“It’s not normal for me,” she said. “It’s not often I have a problem coming to terms with things in life, even hard things, like losing Clara.”

“You’re not alone. Everyone is rattled over what happened yesterday.”

She nodded and said, “Clara stopped by my office the other day. At the time, I was in a meeting with Abby. She kept pacing outside. It was obvious something was bothering her. Whenever she got nervous, she bit down on her nails. Bit them to the nubs sometimes.”

“What did you do when you saw her?” I asked.

“Not what I should have done. Instead of excusing myself from the conversation with Abby, I asked her to come back later.”

“What was it about your conversation with Abby that couldn't wait?”

“It wasn’t that it couldn’t wait. I was used to Clara coming to me whenever she was having a bad day. She could be sensitive at times and would become agitated over the smallest things. I thought that’s all it was—Clara making more of something than was necessary. I figured once I finished with Abby, Clara and I could talk, and I’d help her get past whatever she was going through, just like I always did.”

“Did you speak to her later?” I asked.

“I tried. She blew me off, and I’m guessing it’s because she felt I’d blown her off.”

“You did blow her off.”

“I know. And now I keep wondering if not making her a priority led her to … you know, killing herself. I expect that’s why I was up most of the night. It’s been many years since I’ve allowed the guilt of my actions to creep in. It’s not a good feeling.”

I finished my cup of coffee, set it to the side, and crossed one leg over the other. “I’m no mental health genius, but maybe what you felt is you being real with yourself for once. Maybe you felt a kind of realness you haven’t allowed yourself to feel because you don’t like how you feel when you do. I imagine you’d rather stay in your perfect bubble of happiness and bliss. That’s not life though. Real life isn’t fake or fashioned. It’s allowing yourself to become raw and real, to feel emotions, whether you want to or not.”

She thought about what I’d said for a time and then nodded. “I do believe I’ve learned something fromyoutoday. You’re a lot more in touch with yourself than you give yourself credit for, you know.”

I’d never been comfortable with compliments, making this the perfect time to segue the conversation back to the one we were having before.

“I’m not so sure Clara committed suicide,” I said.

“Why would you question it after the note she left?”

“I just am. I’m not sure why yet. From what you’ve said about her and what little time we spent together, it’s obvious she was moody. But it seemed like she acted out because she wanted attention.”

“I agree with you there. I felt the same way about her.”

“Let’s say there was no note. Would you still think Clara committed suicide?”

She considered the question. “I haven’t thought of it that way. I’m of two minds, I suppose. Given her personality, I’d say she was capable of such a thing. But when I think about how hard she was trying to build a new life for herself, it makes me think twice.”

“What about murder? Do you think she was capable of it?”

“I would say it depended on the person. That ex-boyfriend of hers, the one she was worried about … I think she would have done anything to keep him out of her life.”

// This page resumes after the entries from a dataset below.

(* Given any integers $W\ge6$, $L\ge2$ and any $\theta_i\in\{0,1\}$ for $i=0,1,\dots,W^2L^2-1$, there exists a ReLU network $\phi:\mathbb{R}\to\mathbb{R}$, $\phi\in\mathcal{NN}(8W+4,4L)$, such that $\phi(i)=\theta_i$ for $i=0,1,\dots,W^2L^2-1$ and $\mathrm{Lip}\,\phi\le2\cdot2^{L^2}+L^2$.
   Context: $\sigma(x)=\max(x,0)$. $\mathcal{NN}(W,L)$: functions $\phi(x)=T_L(\sigma(T_{L-1}(\cdots\sigma(T_0(x))\cdots)))$ with affine maps $T_l$, ReLU componentwise, all hidden layer sizes $\le W$ and depth $\le L$. $\mathrm{Lip}\,\phi$ is the Lipschitz constant of $\phi$. *)

From HB Require Import structures.
From mathcomp Require Import all_boot all_order all_algebra.
From mathcomp Require Import reals.
Set Implicit Arguments. Unset Strict Implicit. Unset Printing Implicit Defensive.
Import Order.TTheory GRing.Theory Num.Theory.
Local Open Scope ring_scope.

Definition relu {R : realType} (x : R) : R := Num.max x 0.

(* A ReLU network with input dimension m and scalar output.
   [Hidden A b rest] : affine map x |-> A x + b into R^n, then ReLU, then rest.
   [Last A b]        : final affine map T_L : R^m -> R. *)
Inductive relu_net (R : realType) : nat -> Type :=
| Last : forall m, 'M[R]_(1, m) -> 'cV[R]_1 -> relu_net R m
| Hidden : forall m n, 'M[R]_(n, m) -> 'cV[R]_n -> relu_net R n -> relu_net R m.

Fixpoint net_eval (R : realType) m (N : relu_net R m) : 'cV[R]_m -> R :=
  match N with
  | Last _ A b => fun x => (A *m x + b) 0 0
  | Hidden _ _ A b rest => fun x => net_eval rest (map_mx relu (A *m x + b))
  end.

(* number of hidden layers (= L in phi = T_L o sigma o ... o sigma o T_0) *)
Fixpoint net_depth (R : realType) m (N : relu_net R m) : nat :=
  match N with
  | Last _ _ _ => 0
  | Hidden _ _ _ _ rest => (net_depth rest).+1
  end.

“What do you know about him?” I asked.

“He’s back in jail again. Has been for a couple of weeks.”

A couple of weeks meant there was no connection between him and what had gone on at the retreat.

“Have you seen the suicide note?” I asked.

“I have. Chief Foley showed it to me last night, asked me if I recognized the handwriting. Looked like hers, but I’m no expert.”

“It just feels like I’m missing something.”

“Something like what?”

“Motive, for one. The one offered in the note was almost laughable, even for someone as sensitive as Clara. Plus, I don’t believe it’s the reason Quinn was murdered.”